◆ Assignment
Everything in the listing below from the line containing "unfold cvec; cunfold." through the line containing "cvec (a + c" must be repeated exactly; the remaining lines are not wanted.

◆ Records shown
(* Let $p_2\in H^2_\mathbb{C}$ be the unique fixed point of $G_2$. The indices $j\ge1$ such that $p_2\in\mathcal{B}_j$ are exactly $j\in\{1,2,3,5,10,11\}$. At $p_2$, any two and any three of the six differentials $df_1,df_2,df_3,df_5,df_{10},df_{11}$ are linearly independent, and among the four-element subsets of $\{1,2,3,5,10,11\}$ the only ones whose differentials at $p_2$ are linearly dependent (i.e. whose four bisectors do not meet transversely at $p_2$) are $\{1,2,3,10\}$, $\{1,2,5,11\}$ and $\{3,5,10,11\}$.
   Context: Hermitian form on $\mathbb{C}^3$: $\langle V,W\rangle=V_1\overline{W_3}+V_2\overline{W_2}+V_3\overline{W_1}$. Let $$G_1=\begin{pmatrix}1&1&-\frac{1+i\sqrt7}{2}\\0&1&-1\\0&0&1\end{pmatrix},\quad G_3=\begin{pmatrix}1&0&0\\-1&1&0\\ \frac{-1+i\sqrt7}{2}&1&1\end{pmatrix},\quad G_2=G_3G_1^{-1}G_3^{-1}G_1,$$ $Q=(1,0,0)^T$. Set $\gamma_1=G_2,\gamma_2=G_2^{-1},\gamma_3=G_3,\gamma_4=G_3^{-1}$ and, for $k\ge1$ and $1\le j\le4$, $\gamma_{8k-4+j}=G_1^k\gamma_jG_1^{-k}$, $\gamma_{8k+j}=G_1^{-k}\gamma_jG_1^{k}$ (so $\gamma_5=G_1G_2G_1^{-1}$, $\gamma_{10}=G_1^{-1}G_2^{-1}G_1$, $\gamma_{11}=G_1^{-1}G_3G_1$). For $Z\in\mathbb{C}^3\setminus\{0\}$, $f_j(Z)=|\langle Z,Q\rangle|^2-|\langle Z,\gamma_jQ\rangle|^2$, viewed on the affine chart $Z_3\ne0$ of $\mathbb{C}P^2\cong$ (locally) $\mathbb{R}^4$; $\mathcal{B}_j=\{[Z]: f_j(Z)=0,\ \langle Z,Z\rangle<0\}$. Differentials are real differentials at $p_2$. *)

From Stdlib Require Import Reals Lra Lia Psatz List.
Import ListNotations.
Open Scope R_scope.

Record C := mkC { re : R; im : R }.
Definition C0 : C := mkC 0 0.
Definition C1 : C := mkC 1 0.
Definition RtoC (x : R) : C := mkC x 0.
Definition Cadd (z w : C) : C := mkC (re z + re w) (im z + im w).
Definition Copp (z : C) : C := mkC (- re z) (- im z).
Definition Csub (z w : C) : C := Cadd z (Copp w).
Definition Cmul (z w : C) : C :=
  mkC (re z * re w - im z * im w) (re z * im w + im z * re w).
Definition Cconj (z : C) : C := mkC (re z) (- im z).
Definition Cnorm2 (z : C) : R := re z * re z + im z * im z.
Definition Cinv (z : C) : C := mkC (re z / Cnorm2 z) (- im z / Cnorm2 z).

Record V3 := mkV3 { v0 : C; v1 : C; v2 : C }.
Definition Vscale (l : C) (v : V3) : V3 := mkV3 (Cmul l (v0 v)) (Cmul l (v1 v)) (Cmul l (v2 v)).

Definition herm (V W : V3) : C :=
  Cadd (Cmul (v0 V) (Cconj (v2 W)))
       (Cadd (Cmul (v1 V) (Cconj (v1 W))) (Cmul (v2 V) (Cconj (v0 W)))).

(* a matrix is given by its entries A i j, 0 <= i, j <= 2 *)
Definition mat := nat -> nat -> C.
Definition mmul (A B : mat) : mat := fun i j =>
  Cadd (Cmul (A i 0%nat) (B 0%nat j))
       (Cadd (Cmul (A i 1%nat) (B 1%nat j)) (Cmul (A i 2%nat) (B 2%nat j))).
Definition mvec (A : mat) (v : V3) : V3 :=
  mkV3 (Cadd (Cmul (A 0%nat 0%nat) (v0 v)) (Cadd (Cmul (A 0%nat 1%nat) (v1 v)) (Cmul (A 0%nat 2%nat) (v2 v))))
       (Cadd (Cmul (A 1%nat 0%nat) (v0 v)) (Cadd (Cmul (A 1%nat 1%nat) (v1 v)) (Cmul (A 1%nat 2%nat) (v2 v))))
       (Cadd (Cmul (A 2%nat 0%nat) (v0 v)) (Cadd (Cmul (A 2%nat 1%nat) (v1 v)) (Cmul (A 2%nat 2%nat) (v2 v)))).
Definition mid : mat := fun i j => if Nat.eqb i j then C1 else C0.
Fixpoint mpow (A : mat) (k : nat) : mat :=
  match k with O => mid | S k' => mmul A (mpow A k') end.

Definition det (A : mat) : C :=
  let a := A in
  Csub (Cadd (Cmul (a 0%nat 0%nat) (Csub (Cmul (a 1%nat 1%nat) (a 2%nat 2%nat)) (Cmul (a 1%nat 2%nat) (a 2%nat 1%nat))))
             (Cmul (a 0%nat 2%nat) (Csub (Cmul (a 1%nat 0%nat) (a 2%nat 1%nat)) (Cmul (a 1%nat 1%nat) (a 2%nat 0%nat)))))
       (Cmul (a 0%nat 1%nat) (Csub (Cmul (a 1%nat 0%nat) (a 2%nat 2%nat)) (Cmul (a 1%nat 2%nat) (a 2%nat 0%nat)))).
(* cofactor-based adjugate: adj A i j = cofactor of entry (j,i) *)
Definition adj (A : mat) : mat := fun i j =>
  let j1 := ((j + 1) mod 3)%nat in let j2 := ((j + 2) mod 3)%nat in
  let i1 := ((i + 1) mod 3)%nat in let i2 := ((i + 2) mod 3)%nat in
  Csub (Cmul (A j1 i1) (A j2 i2)) (Cmul (A j1 i2) (A j2 i1)).
Definition minv (A : mat) : mat := fun i j => Cmul (Cinv (det A)) (adj A i j).

Definition s7 : R := sqrt 7.

Definition G1 : mat := fun i j =>
  match i, j with
  | 0, 0 => C1 | 0, 1 => C1 | 0, 2 => mkC (-1/2) (- s7 / 2)
  | 1, 1 => C1 | 1, 2 => mkC (-1) 0
  | 2, 2 => C1
  | _, _ => C0
  end%nat.

Definition G3 : mat := fun i j =>
  match i, j with
  | 0, 0 => C1
  | 1, 0 => mkC (-1) 0 | 1, 1 => C1
  | 2, 0 => mkC (-1/2) (s7 / 2) | 2, 1 => C1 | 2, 2 => C1
  | _, _ => C0
  end%nat.

Definition G2 : mat := mmul (mmul (mmul G3 (minv G1)) (minv G3)) G1.

Definition Qv : V3 := mkV3 C1 C0 C0.

Definition gamma_base (j : nat) : mat :=
  match j with
  | 1 => G2 | 2 => minv G2 | 3 => G3 | _ => minv G3
  end%nat.

(* For k >= 1 and 1 <= j' <= 4:
     gamma_(8k-4+j') = G1^k gamma_j' G1^-k,  gamma_(8k+j') = G1^-k gamma_j' G1^k.
   For j >= 5 write j - 5 = 8q + r (0 <= r < 8), k = q+1. (gamma 0 is unused.) *)
Definition gamma (j : nat) : mat :=
  if (j <=? 4)%nat then gamma_base j
  else
    let q := ((j - 5) / 8)%nat in
    let r := ((j - 5) mod 8)%nat in
    let k := S q in
    if (r <? 4)%nat
    then mmul (mmul (mpow G1 k) (gamma_base (S r))) (mpow (minv G1) k)
    else mmul (mmul (mpow (minv G1) k) (gamma_base (r - 3))) (mpow G1 k).

Definition f (j : nat) (Z : V3) : R :=
  Cnorm2 (herm Z Qv) - Cnorm2 (herm Z (mvec (gamma j) Qv)).

Record R4 := mkR4 { x0 : R; x1 : R; x2 : R; x3 : R }.
Definition R4add (p h : R4) : R4 := mkR4 (x0 p + x0 h) (x1 p + x1 h) (x2 p + x2 h) (x3 p + x3 h).
Definition R4scale (c : R) (h : R4) : R4 := mkR4 (c * x0 h) (c * x1 h) (c * x2 h) (c * x3 h).
Definition R4norm (h : R4) : R :=
  sqrt (x0 h * x0 h + x1 h * x1 h + x2 h * x2 h + x3 h * x3 h).

Definition chart (p : R4) : V3 := mkV3 (mkC (x0 p) (x1 p)) (mkC (x2 p) (x3 p)) C1.

Definition fchart (j : nat) (p : R4) : R := f j (chart p).

(* complex hyperbolic plane (it lies entirely in the chart Z3 <> 0) *)
Definition in_H2C (p : R4) : Prop := re (herm (chart p) (chart p)) < 0.

Definition fixed_by_G2 (p : R4) : Prop :=
  in_H2C p /\ exists l : C, mvec G2 (chart p) = Vscale l (chart p).

Definition in_bisector (j : nat) (p : R4) : Prop := fchart j p = 0 /\ in_H2C p.

Definition R_linear (L : R4 -> R) : Prop :=
  (forall h k, L (R4add h k) = L h + L k) /\ (forall c h, L (R4scale c h) = c * L h).

Definition is_differential (F : R4 -> R) (p : R4) (L : R4 -> R) : Prop :=
  R_linear L /\
  forall eps, 0 < eps -> exists delta, 0 < delta /\
    forall h, R4norm h < delta -> Rabs (F (R4add p h) - F p - L h) <= eps * R4norm h.

Fixpoint lin_comb (cs : list R) (Ls : list (R4 -> R)) (h : R4) : R :=
  match cs, Ls with
  | c :: cs', L :: Ls' => c * L h + lin_comb cs' Ls' h
  | _, _ => 0
  end.

Definition lin_indep (Ls : list (R4 -> R)) : Prop :=
  forall cs : list R, length cs = length Ls ->
    (forall h, lin_comb cs Ls h = 0) -> forall c, In c cs -> c = 0.

Definition six : list nat := [1; 2; 3; 5; 10; 11]%nat.

(* Since G1 fixes Q, the vectors
   gamma_j Q for j >= 5 are G1^k or G1^-k applied to gamma_1 Q, ..., gamma_4 Q, and G1^k acts by
   polynomials in k; so on each of the eight index classes f_j(p2) is a quartic in k, which either
   vanishes exactly at k = 1 or is negative.  Each f_j is a difference of squared moduli of affine
   functions of the chart, so its differential at p2 is explicit; in the coordinates
   (dx0, sqrt 7 dx1, dx2, sqrt 7 dx3) the six differentials have rational coefficients, and their
   (in)dependence is a finite rational linear-algebra check. *)

From Pilot Require Import Defs.
From Stdlib Require Import Reals List Permutation Lra Lia Psatz FunctionalExtensionality.
Import ListNotations.
Open Scope R_scope.

Lemma s7_sqr : s7 * s7 = 7.
Proof. unfold s7; apply sqrt_sqrt; lra. Qed.

Lemma s7_pos : 0 < s7.
Proof. unfold s7; apply sqrt_lt_R0; lra. Qed.

Lemma s7_pow_SS n : s7 ^ S (S n) = 7 * s7 ^ n.
Proof. cbn [pow]. rewrite <- Rmult_assoc, s7_sqr. ring. Qed.

Ltac s7_ring := unfold Rdiv; ring_simplify; repeat rewrite s7_pow_SS; field.

Ltac cunfold :=
  cbv [Cadd Copp Csub Cmul Cconj Cnorm2 Cinv RtoC Defs.C0 Defs.C1 herm mvec Vscale chart Qv] in *;
  cbn [re im v0 v1 v2 x0 x1 x2 x3] in *.

Ltac vec_eq :=
  (lazymatch goal with |- mkV3 _ _ _ = mkV3 _ _ _ => apply f_equal3 | _ => idtac end);
  (lazymatch goal with |- mkC _ _ = mkC _ _ => apply f_equal2 | _ => idtac end);
  s7_ring.

Definition cvec (a b c d e g : R) : V3 := mkV3 (mkC a b) (mkC c d) (mkC e g).

Lemma mvec_mmul A B v : mvec (mmul A B) v = mvec A (mvec B v).
Proof. destruct v as [[a b] [c d] [e g]]. unfold mmul. cunfold. vec_eq. Qed.

Lemma mvec_mid v : mvec mid v = v.
Proof. destruct v as [[a b] [c d] [e g]]. cbv [mid Nat.eqb]. cunfold. vec_eq. Qed.

Lemma mvec_mpow_fixed A v k : mvec A v = v -> mvec (mpow A k) v = v.
Proof.
  intros Hv. induction k as [|k IH]; cbn [mpow]; [apply mvec_mid|].
  now rewrite mvec_mmul, IH, Hv.
Qed.

Lemma C_eta z : z = mkC (re z) (im z).
Proof. now destruct z. Qed.

Lemma mvec_basis A :
  mvec A (cvec 1 0 0 0 0 0) = mkV3 (A 0%nat 0%nat) (A 1%nat 0%nat) (A 2%nat 0%nat) /\
  mvec A (cvec 0 0 1 0 0 0) = mkV3 (A 0%nat 1%nat) (A 1%nat 1%nat) (A 2%nat 1%nat) /\
  mvec A (cvec 0 0 0 0 1 0) = mkV3 (A 0%nat 2%nat) (A 1%nat 2%nat) (A 2%nat 2%nat).
Proof.
  unfold cvec; cunfold.
  repeat split; apply f_equal3;
    match goal with |- _ = ?z => transitivity (mkC (re z) (im z)); [f_equal; ring | symmetry; apply C_eta] end.
Qed.

Lemma det_G1 : det G1 = Defs.C1.
Proof. unfold det, G1. cunfold. vec_eq. Qed.

Lemma det_G3 : det G3 = Defs.C1.
Proof. unfold det, G3. cunfold. vec_eq. Qed.

Ltac minv_unfold det_eq :=
  unfold minv; rewrite det_eq; cbv [adj G1 G3 cvec Nat.modulo Nat.divmod Nat.add Nat.sub snd fst].

Lemma mvec_G1 a b c d e g : mvec G1 (cvec a b c d e g) =
  cvec (a + c - e/2 + s7*g/2) (b + d - s7*e/2 - g/2) (c - e) (d - g) e g.
Proof. unfold G1, cvec. cunfold. vec_eq. Qed.

Lemma mvec_G1_inv a b c d e g : mvec (minv G1) (cvec a b c d e g) =
  cvec (a - c - e/2 - s7*g/2) (b - d + s7*e/2 - g/2) (c + e) (d + g) e g.
Proof. minv_unfold det_G1. cunfold. vec_eq. Qed.

Lemma mvec_G3 a b c d e g : mvec G3 (cvec a b c d e g) =
  cvec a b (c - a) (d - b) (e + c - a/2 - s7*b/2) (g + d + s7*a/2 - b/2).
Proof. unfold G3, cvec. cunfold. vec_eq. Qed.

Lemma mvec_G3_inv a b c d e g : mvec (minv G3) (cvec a b c d e g) =
  cvec a b (c + a) (d + b) (e - c - a/2 + s7*b/2) (g - d - s7*a/2 - b/2).
Proof. minv_unfold det_G3. cunfold. vec_eq. Qed.

Lemma mvec_G2 a b c d e g : mvec G2 (cvec a b c d e g) =
  cvec (2*a + 3*c/2 + s7*d/2 - e) (2*b + 3*d/2 - s7*c/2 - g)
       (-3*a/2 + s7*b/2 - c) (-3*b/2 - s7*a/2 - d) (-a) (-b).
Proof.
  unfold G2. rewrite !mvec_mmul, mvec_G1, mvec_G3_inv, mvec_G1_inv, mvec_G3.
  unfold cvec. vec_eq.
Qed.

Lemma mvec_G1_pow k a b c d e g : mvec (mpow G1 k) (cvec a b c d e g) =
  cvec (a + INR k*(c - e/2 + s7*g/2) - INR k*(INR k-1)/2*e)
       (b + INR k*(d - s7*e/2 - g/2) - INR k*(INR k-1)/2*g)
       (c - INR k*e) (d - INR k*g) e g.
Proof.
  induction k as [|k IH]; cbn [mpow].
  - rewrite mvec_mid. cbn [INR]. unfold cvec. vec_eq.
  - rewrite mvec_mmul, IH, mvec_G1, S_INR. unfold cvec. vec_eq.
Qed.

Lemma mvec_G1_inv_pow k a b c d e g : mvec (mpow (minv G1) k) (cvec a b c d e g) =
  cvec (a - INR k*(c - e/2 + s7*g/2) - INR k*(INR k+1)/2*e)
       (b - INR k*(d - s7*e/2 - g/2) - INR k*(INR k+1)/2*g)
       (c + INR k*e) (d + INR k*g) e g.
Proof.
  induction k as [|k IH]; cbn [mpow].
  - rewrite mvec_mid. cbn [INR]. unfold cvec. vec_eq.
  - rewrite mvec_mmul, IH, mvec_G1_inv, S_INR. unfold cvec. vec_eq.
Qed.

Lemma G2_columns :
  mkV3 (G2 0%nat 0%nat) (G2 1%nat 0%nat) (G2 2%nat 0%nat) = cvec 2 0 (-3/2) (-s7/2) (-1) 0 /\
  mkV3 (G2 0%nat 1%nat) (G2 1%nat 1%nat) (G2 2%nat 1%nat) = cvec (3/2) (-s7/2) (-1) 0 0 0 /\
  mkV3 (G2 0%nat 2%nat) (G2 1%nat 2%nat) (G2 2%nat 2%nat) = cvec (-1) 0 0 0 0 0.
Proof.
  destruct (mvec_basis G2) as (E0 & E1 & E2).
  rewrite <- E0, <- E1, <- E2, !mvec_G2. repeat split; unfold cvec; vec_eq.
Qed.

Lemma G2_inv_Q : mvec (minv G2) Qv = cvec 0 0 0 0 (-1) 0.
Proof.
  destruct G2_columns as (E0 & E1 & E2).
  pose proof (f_equal v0 E0) as e00; pose proof (f_equal v1 E0) as e10; pose proof (f_equal v2 E0) as e20.
  pose proof (f_equal v0 E1) as e01; pose proof (f_equal v1 E1) as e11; pose proof (f_equal v2 E1) as e21.
  pose proof (f_equal v0 E2) as e02; pose proof (f_equal v1 E2) as e12; pose proof (f_equal v2 E2) as e22.
  cbn [v0 v1 v2 cvec] in *.
  assert (Hdet : det G2 = Defs.C1).
  { unfold det. rewrite e00, e10, e20, e01, e11, e21, e02, e12, e22. cunfold. vec_eq. }
  unfold minv. rewrite Hdet. cbv [adj Nat.modulo Nat.divmod Nat.add Nat.sub snd fst].
  unfold cvec. cunfold. rewrite ?e00, ?e10, ?e20, ?e01, ?e11, ?e21, ?e02, ?e12, ?e22. cbn [re im]. vec_eq.
Qed.

Lemma Qv_cvec : Qv = cvec 1 0 0 0 0 0.
Proof. reflexivity. Qed.

Lemma G1_Q : mvec G1 Qv = Qv.
Proof. rewrite Qv_cvec, mvec_G1. unfold cvec. vec_eq. Qed.

Lemma G1_inv_Q : mvec (minv G1) Qv = Qv.
Proof. rewrite Qv_cvec, mvec_G1_inv. unfold cvec. vec_eq. Qed.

◆ Answer for this exercise
  unfold cvec; cunfold.
  repeat split; apply f_equal3;
    match goal with |- _ = ?z => transitivity (mkC (re z) (im z)); [f_equal; ring | symmetry; apply C_eta] end.
Qed.

Lemma det_G1 : det G1 = Defs.C1.
Proof. unfold det, G1. cunfold. vec_eq. Qed.

Lemma det_G3 : det G3 = Defs.C1.
Proof. unfold det, G3. cunfold. vec_eq. Qed.

Ltac minv_unfold det_eq :=
  unfold minv; rewrite det_eq; cbv [adj G1 G3 cvec Nat.modulo Nat.divmod Nat.add Nat.sub snd fst].

Lemma mvec_G1 a b c d e g : mvec G1 (cvec a b c d e g) =
  cvec (a + c - e/2 + s7*g/2) (b + d - s7*e/2 - g/2) (c - e) (d - g) e g.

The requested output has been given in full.